[Saved entries]
════════

(* Let $\delta,\zeta\ge 0$, let $n$ be a perfect square, and let $s,\bar s$ be strings of length $n$ with $|\mathrm{lcs}(s,\bar s)|\ge n^{1-\delta}$, split into blocks $b_1,\dots,b_{\sqrt n}$ and $\bar b_1,\dots,\bar b_{\sqrt n}$ as in the context. Let $\widetilde U=\{(b_{i_k},\bar b_{j_k}):1\le k\le l\}$ be a set of block pairs with $i_1<\dots<i_l$, $j_1<\dots<j_l$, $l\ge n^{1/2-2\delta}/8$ and $|\mathrm{lcs}(b_{i_k},\bar b_{j_k})|\ge n^{1/2-\delta}/2$ for every $k$, and let $\widetilde U_1\subseteq\widetilde U$ be the set of pairs in $\widetilde U$ that approximately consist of crebris symbols. If $|\widetilde U_1|\ge|\widetilde U|/2$, then the expected length of the solution returned by Algorithm A3 on $s,\bar s$ is $\Omega(n^{1/2+\zeta})$.
   Context: $\mathrm{lcs}(x,y)$ denotes a longest common subsequence of $x,y$; $\mathsf{fr}_c(x)$ is the number of occurrences of symbol $c$ in $x$. The strings $s,\bar s$ are split into $\sqrt n$ consecutive blocks of length $\sqrt n$; $b_i,\bar b_i$ are the $i$-th blocks. For a block pair $(b_i,\bar b_j)$, a symbol $c$ is crebris if $\min\{\mathsf{fr}_c(b_i),\mathsf{fr}_c(\bar b_j)\}\ge n^{4\delta+\zeta}$. The pair approximately consists of crebris symbols if $\sum_{c\in C}\mathsf{fr}_c(b_i)\ge n^{1/2-2\delta}/4$, where $C$ is the set of crebris symbols of the pair. Algorithm A3 (randomized): for every $i,j\in[\sqrt n]$ pick a uniformly random position of $b_i$, let $c_{i,j}$ be the symbol there, and set $T[i][j]=\min\{\mathsf{fr}_{c_{i,j}}(b_i),\mathsf{fr}_{c_{i,j}}(\bar b_j)\}$. Compute $D[i][j]=0$ if $i=0$ or $j=0$, and $D[i][j]=\max\{D[i][j-1],D[i-1][j],T[i][j]+D[i-1][j-1]\}$ otherwise. The returned solution is the longest common subsequence of $s,\bar s$ subject to: characters of one block of $s$ are matched only to characters of a single block of $\bar s$ and vice versa, and if $b_i$ is matched to $\bar b_j$ all matched symbols are $c_{i,j}$; its length is $D[\sqrt n][\sqrt n]$. *)

From HB Require Import structures.
From mathcomp Require Import all_boot all_order all_algebra.
From mathcomp Require Import reals exp.
Set Implicit Arguments. Unset Strict Implicit. Unset Printing Implicit Defensive.
Import Order.TTheory GRing.Theory Num.Theory.

Section Defs.
Variable T : finType.

Definition fr (c : T) (x : seq T) : nat := count_mem c x.

(* |lcs(x,y)| : maximal length of a common subsequence (subsequences of x
   are exactly the masks of x) *)
Definition lcs_len (x y : seq T) : nat :=
  \max_(b : (size x).-tuple bool | subseq (mask b x) y)
     size (mask b x).

(* i-th block (0-indexed) of length m of a string *)
Definition block (m : nat) (s : seq T) (i : nat) : seq T :=
  take m (drop (i * m) s).

Definition crebris {R : realType} (n : nat) (delta zeta : R)
    (bi bj : seq T) (c : T) : bool :=
  (n%:R `^ (4 * delta + zeta) <= ((minn (fr c bi) (fr c bj))%:R : R))%R.

Definition approx_crebris {R : realType} (n : nat) (delta zeta : R)
    (bi bj : seq T) : bool :=
  (n%:R `^ (1 / 2 - 2 * delta) / 4 <=
     ((\sum_(c : T | crebris n delta zeta bi bj c) fr c bi)%N)%:R :> R)%R.

(* T[i][j] of Algorithm A3, 0-indexed blocks, given the random positions P *)
Definition A3_T (m : nat) (s sb : seq T) (P : {ffun 'I_m * 'I_m -> 'I_m})
    (i j : nat) : nat :=
  match (insub i : option 'I_m), (insub j : option 'I_m) with
  | Some a, Some b =>
      let bi := block m s i in
      let bj := block m sb j in
      match onth bi (P (a, b)) with
      | Some c => minn (fr c bi) (fr c bj)
      | None => 0
      end
  | _, _ => 0
  end.

(* D[i][j] : D[i][j] = 0 if i = 0 or j = 0, otherwise
   max {D[i][j-1], D[i-1][j], T[i][j] + D[i-1][j-1]} (T 1-indexed in paper,
   here Tt (i-1) (j-1)). *)
Fixpoint A3_D (Tt : nat -> nat -> nat) (i j : nat) {struct i} : nat :=
  match i with
  | 0 => 0
  | i'.+1 =>
      (fix Dj (j : nat) : nat :=
         match j with
         | 0 => 0
         | j'.+1 => maxn (Dj j') (maxn (A3_D Tt i' j'.+1) (Tt i' j' + A3_D Tt i' j'))
         end) j
  end.

Definition A3_len (m : nat) (s sb : seq T) (P : {ffun 'I_m * 'I_m -> 'I_m}) : nat :=
  A3_D (A3_T s sb P) m m.

(* expected length: the positions are independent and uniform, i.e. P is
   uniform over all functions 'I_m * 'I_m -> 'I_m *)
Definition A3_expected {R : realType} (m : nat) (s sb : seq T) : R :=
  ((\sum_(P : {ffun 'I_m * 'I_m -> 'I_m}) (A3_len s sb P)%:R)
     / (#|{ffun 'I_m * 'I_m -> 'I_m}|)%:R)%R.

End Defs.

From HB Require Import structures.
From mathcomp Require Import all_boot all_order all_algebra.
From mathcomp Require Import reals exp.
From mathcomp Require Import ring lra.
Set Implicit Arguments. Unset Strict Implicit. Unset Printing Implicit Defensive.
Import Order.TTheory GRing.Theory Num.Theory.

(* Given the random position of cell (i, j), T[i][j] is the smaller frequency of
   the symbol drawn from b_i, so averaged over the position it is at least
   n^(4 delta + zeta) times the share of positions of b_i holding crebris
   symbols; on a pair of U_1 this share is at least n^(1/2 - 2 delta) / (4 sqrt n).
   The cells of U increase strictly in both coordinates, so D[sqrt n][sqrt n]
   dominates the sum of T over U, and by linearity of expectation the at least
   n^(1/2 - 2 delta) / 16 pairs of U_1 give an expected length of at least
   n^(1/2 + zeta) / 64. *)

Section DynamicProgram.
Variable Tt : nat -> nat -> nat.

Lemma A3_D_SS i j : A3_D Tt i.+1 j.+1 =
  maxn (A3_D Tt i.+1 j) (maxn (A3_D Tt i j.+1) (Tt i j + A3_D Tt i j)).
Proof. by []. Qed.

Lemma A3_D_monotone_r i j j' : (j <= j')%N -> (A3_D Tt i j <= A3_D Tt i j')%N.
Proof.
by apply: (homo_leq leqnn leq_trans) => {}j; case: i => //= i; exact: leq_maxl.
Qed.

Lemma A3_D_monotone_l i i' j : (i <= i')%N -> (A3_D Tt i j <= A3_D Tt i' j)%N.
Proof.
apply: (homo_leq leqnn leq_trans (f := A3_D Tt ^~ j)) => {}i.
case: j => [|j]; first by case: i.
by rewrite A3_D_SS (leq_trans _ (leq_maxr _ _)) ?leq_maxl.
Qed.

Lemma A3_D_step i j : (Tt i j + A3_D Tt i j <= A3_D Tt i.+1 j.+1)%N.
Proof. by rewrite A3_D_SS (leq_trans _ (leq_maxr _ _)) ?leq_maxr. Qed.

Lemma A3_D_ge_chain (X : eqType) (f g : X -> nat) (U : seq X) i j :
  pairwise (fun a b => (f a < f b)%N && (g a < g b)%N) U ->
  (forall k, k \in U -> (f k < i)%N && (g k < j)%N) ->
  (\sum_(k <- U) Tt (f k) (g k) <= A3_D Tt i j)%N.
Proof.
elim/last_ind: U i j => [|U x IH] i j; first by rewrite big_nil.
rewrite pairwise_rcons big_rcons /= => /andP[/allP before_x chainU] inU.
have /andP[fx_i gx_j] : (f x < i)%N && (g x < j)%N.
  by rewrite inU // mem_rcons mem_head.
apply: leq_trans (A3_D_monotone_l j fx_i).
apply: leq_trans (A3_D_monotone_r _ gx_j).
rewrite addnC (leq_trans _ (A3_D_step _ _)) // leq_add2l.
by apply: IH chainU _ => k /[dup] /before_x /andP[-> ->].
Qed.

End DynamicProgram.

Local Open Scope ring_scope.

Lemma big_onth (R : nmodType) (X : Type) (G : option X -> R) (s : seq X) :
  \sum_(i < size s) G (onth s i) = \sum_(x <- s) G (Some x).
Proof.
elim: s => [|x s IH]; first by rewrite big_ord0 big_nil.
by rewrite big_ord_recl big_cons IH.
Qed.

Lemma big_seq_count_mem (R : nmodType) (T : finType) (F : T -> R) (s : seq T) :
  \sum_(x <- s) F x = \sum_(c : T) F c *+ count_mem c s.
Proof.
elim: s => [|x s IH]; first by rewrite big_nil big1.
transitivity (\sum_(c : T) (F c *+ (x == c) + F c *+ count_mem c s)).
  rewrite big_cons big_split /= IH; congr (_ + _).
  by rewrite (bigD1 x) //= eqxx big1 ?addr0 // => c /negPf; rewrite eq_sym => ->.
by apply: eq_bigr => c _; rewrite -mulrnDr.
Qed.

Lemma sum_ffun_app (R : comPzSemiRingType) (I J : finType) (i : I) (F : J -> R) :
  \sum_(P : {ffun I -> J}) F (P i) = (\sum_j F j) * #|J|%:R ^+ #|I|.-1.
Proof.
have F_prod (P : {ffun I -> J}) :
    F (P i) = \prod_k (if k == i then F (P k) else 1).
  by rewrite (bigD1 i) //= eqxx big1 ?mulr1 // => k /negPf ->.
rewrite (eq_bigr _ (fun P _ => F_prod P)).
rewrite -(bigA_distr_bigA (fun k j => if k == i then F j else 1)) /=.
rewrite (bigD1 i) //= eqxx; congr (_ * _).
rewrite (eq_bigr (fun _ => #|J|%:R)) ?prodr_const ?cardC1 // => k /negPf ->.
by rewrite sumr_const.
Qed.

Lemma count_mul_le_sum (R : numDomainType) (X : Type) (p : pred X) (F : X -> R)
    (c : R) (U : seq X) :
  (forall k, 0 <= F k) -> (forall k, p k -> c <= F k) ->
  (count p U)%:R * c <= \sum_(k <- U) F k.
Proof.
move=> F_ge0 p_le; rewrite -sum1_count natr_sum mulr_suml big_mkcond /=.
by apply: ler_sum => k _; case: ifP => [/p_le|_]; rewrite ?mul1r ?mul0r.
Qed.

Section AlgorithmA3.
Variable T : finType.

Definition A3_entry (bi bj : seq T) (x : nat) : nat :=
  if onth bi x is Some c then minn (fr c bi) (fr c bj) else 0.

Lemma approx_crebris_sum_A3_entry (R : realType) n (delta zeta : R) m
    (bi bj : seq T) :
  size bi = m -> approx_crebris n delta zeta bi bj ->
  n%:R `^ (4 * delta + zeta) * (n%:R `^ (1 / 2 - 2 * delta) / 4) <=
    \sum_(x < m) (A3_entry bi bj x)%:R.
Proof.
move=> <- /(ler_wpM2l (powR_ge0 n%:R (4 * delta + zeta))) /le_trans; apply.
rewrite (@big_onth R T (fun o => (if o is Some c then minn (fr c bi) (fr c bj)
                                    else 0)%:R)) big_seq_count_mem.
rewrite [leRHS](bigID (crebris n delta zeta bi bj)) /=.
apply: ler_wpDr; first by apply: sumr_ge0 => c _; rewrite mulrn_wge0.
rewrite natr_sum mulr_sumr; apply: ler_sum => c crebris_c.
by rewrite mulr_natr ler_wMn2r.
Qed.

Lemma size_block m (s : seq T) i : size s = (m * m)%N -> (i < m)%N ->
  size (block m s i) = m.
Proof.
move=> size_s lt_im; rewrite /block size_takel // size_drop size_s -mulnBl.
by rewrite leq_pmull // subn_gt0.
Qed.

Variables (m : nat) (s sb : seq T).

Definition increasing_cells (U : seq ('I_m * 'I_m)) : bool :=
  sorted (fun a b : 'I_m * 'I_m => (a.1 < b.1)%N && (a.2 < b.2)%N) U.

Lemma A3_TE P (a b : 'I_m) :
  A3_T s sb P a b = A3_entry (block m s a) (block m sb b) (P (a, b)).
Proof. by rewrite /A3_T !valK. Qed.

Lemma A3_len_ge_chain (P : {ffun 'I_m * 'I_m -> 'I_m}) U : increasing_cells U ->
  (\sum_(k <- U) A3_entry (block m s k.1) (block m sb k.2) (P k)
     <= A3_len s sb P)%N.
Proof.
move=> sorted_U.
rewrite (eq_bigr (fun k : 'I_m * 'I_m => A3_T s sb P k.1 k.2)) => [|[a b] _];
  last by rewrite A3_TE.
apply: (@A3_D_ge_chain _ _ (fun k => val k.1) (fun k => val k.2)).
  rewrite -sorted_pairwise // => b a c /andP[ab1 ab2] /andP[bc1 bc2].
  by rewrite (ltn_trans ab1 bc1) (ltn_trans ab2 bc2).
by move=> k _; rewrite !ltn_ord.
Qed.

Lemma A3_expected_ge_chain (R : realType) U : (0 < m)%N -> increasing_cells U ->
  (\sum_(k <- U) \sum_(x < m) (A3_entry (block m s k.1) (block m sb k.2) x)%:R)
    / m%:R <= A3_expected (R := R) m s sb.
Proof.
move=> m_gt0 sorted_U; set X := \sum_(k <- U) _.
set M : R := m%:R ^+ (m * m).-1.
have M_gt0 : 0 < M by rewrite exprn_gt0 ?ltr0n.
have chain_sum :
    X * M <= \sum_(P : {ffun 'I_m * 'I_m -> 'I_m}) (A3_len s sb P)%:R.
  rewrite /X mulr_suml (eq_bigr (fun k : 'I_m * 'I_m =>
      \sum_(P : {ffun 'I_m * 'I_m -> 'I_m})
        (A3_entry (block m s k.1) (block m sb k.2) (P k))%:R)) => [|k _].
    rewrite exchange_big /=; apply: ler_sum => P _.
    by rewrite -natr_sum ler_nat A3_len_ge_chain.
  rewrite (@sum_ffun_app R _ 'I_m k (fun x => (A3_entry _ _ x)%:R)).
  by rewrite card_prod !card_ord.
have mm_gt0 : (0 < m * m)%N by rewrite muln_gt0 m_gt0.
rewrite /A3_expected card_ffun card_prod !card_ord natrX -(prednK mm_gt0).
rewrite exprS -/M ler_pdivlMr ?mulr_gt0 ?ltr0n //.
by rewrite mulrA divfK ?pnatr_eq0 -?lt0n.
Qed.

End AlgorithmA3.

Lemma powR_exponents_balance (R : realType) (x delta zeta : R) : 0 < x ->
  (x `^ (1 / 2 - 2 * delta)) ^+ 2 * x `^ (4 * delta + zeta) =
    x `^ (1 / 2 + zeta) * x `^ (1 / 2).
Proof.
move=> x_gt0; have powRD' r t : x `^ (r + t) = x `^ r * x `^ t.
  by rewrite powRD // (gt_eqF x_gt0) implybT.
by rewrite expr2 -!powRD'; congr (_ `^ _); lra.
Qed.

Theorem mainTheorem3 (R : realType) (delta zeta : R) :
  0 <= delta -> 0 <= zeta ->
  exists c : R, 0 < c /\ exists N : nat,
  forall (n m : nat), n = (m * m)%N -> (N <= n)%N ->
  forall (Sigma : finType) (s sb : seq Sigma),
    size s = n -> size sb = n ->
    n%:R `^ (1 - delta) <= (lcs_len s sb)%:R ->
  forall U : seq ('I_m * 'I_m),
    sorted (fun a b : 'I_m * 'I_m => (a.1 < b.1)%N && (a.2 < b.2)%N) U ->
    n%:R `^ (1 / 2 - 2 * delta) / 8 <= (size U)%:R ->
    (forall k : 'I_m * 'I_m, k \in U ->
       n%:R `^ (1 / 2 - delta) / 2 <=
         (lcs_len (block m s k.1) (block m sb k.2))%:R) ->
    (size U)%:R / 2 <=
      (size [seq k : 'I_m * 'I_m <- U | approx_crebris n delta zeta
                            (block m s k.1) (block m sb k.2)])%:R :> R ->
    c * n%:R `^ (1 / 2 + zeta) <= A3_expected (R:=R) m s sb.
Proof.
move=> _ _; exists (1 / 64); split; first by rewrite divr_gt0.
exists 1%N.
move=> n m -> n_gt0 Sigma s sb size_s _ _ U sorted_U U_large _ U1_large.
have m_gt0 : (0 < m)%N by rewrite lt0n; apply: contraTneq n_gt0 => ->.
have mm_gt0 : (0 : R) < (m * m)%N%:R by rewrite ltr0n muln_gt0 m_gt0.
rewrite size_filter in U1_large; set p := (X in count X U) in U1_large.
set A := _ `^ (1 / 2 - 2 * delta) in U_large *.
set B : R := (m * m)%N%:R `^ (4 * delta + zeta).
have pair_gain k : p k -> B * (A / 4) <=
    \sum_(x < m) (A3_entry (block m s k.1) (block m sb k.2) x)%:R.
  exact/approx_crebris_sum_A3_entry/size_block.
have crebris_pairs : A / 16 <= (count p U)%:R by apply: le_trans U1_large; lra.
apply: le_trans (A3_expected_ge_chain s sb R m_gt0 sorted_U).
rewrite ler_pdivlMr ?ltr0n //.
have sqrt_n : (m * m)%:R `^ (1 / 2) = m%:R :> R.
  by rewrite div1r powR12_sqrt ?ler0n // natrM -expr2 sqrtr_sqr ger0_norm.
have -> : 1 / 64 * (m * m)%:R `^ (1 / 2 + zeta) * m%:R = A / 16 * (B * (A / 4)).
  by rewrite -sqrt_n -mulrA -(powR_exponents_balance delta) // /A /B; field.
apply: le_trans (_ : (count p U)%:R * (B * (A / 4)) <= _).
  by rewrite ler_wpM2r // mulr_ge0 ?divr_ge0 ?powR_ge0.
by apply: count_mul_le_sum => [k | k /pair_gain]; first exact: sumr_ge0.
Qed.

════════

== Prompt ==
Return word for word the lines above from the line with "Theorem mainTheorem3 (R" to the line with "have pair_gain k", including both and leaving out all others.

== Written response ==
Theorem mainTheorem3 (R : realType) (delta zeta : R) :
  0 <= delta -> 0 <= zeta ->
  exists c : R, 0 < c /\ exists N : nat,
  forall (n m : nat), n = (m * m)%N -> (N <= n)%N ->
  forall (Sigma : finType) (s sb : seq Sigma),
    size s = n -> size sb = n ->
    n%:R `^ (1 - delta) <= (lcs_len s sb)%:R ->
  forall U : seq ('I_m * 'I_m),
    sorted (fun a b : 'I_m * 'I_m => (a.1 < b.1)%N && (a.2 < b.2)%N) U ->
    n%:R `^ (1 / 2 - 2 * delta) / 8 <= (size U)%:R ->
    (forall k : 'I_m * 'I_m, k \in U ->
       n%:R `^ (1 / 2 - delta) / 2 <=
         (lcs_len (block m s k.1) (block m sb k.2))%:R) ->
    (size U)%:R / 2 <=
      (size [seq k : 'I_m * 'I_m <- U | approx_crebris n delta zeta
                            (block m s k.1) (block m sb k.2)])%:R :> R ->
    c * n%:R `^ (1 / 2 + zeta) <= A3_expected (R:=R) m s sb.
Proof.
move=> _ _; exists (1 / 64); split; first by rewrite divr_gt0.
exists 1%N.
move=> n m -> n_gt0 Sigma s sb size_s _ _ U sorted_U U_large _ U1_large.
have m_gt0 : (0 < m)%N by rewrite lt0n; apply: contraTneq n_gt0 => ->.
have mm_gt0 : (0 : R) < (m * m)%N%:R by rewrite ltr0n muln_gt0 m_gt0.
rewrite size_filter in U1_large; set p := (X in count X U) in U1_large.
set A := _ `^ (1 / 2 - 2 * delta) in U_large *.
set B : R := (m * m)%N%:R `^ (4 * delta + zeta).
have pair_gain k : p k -> B * (A / 4) <=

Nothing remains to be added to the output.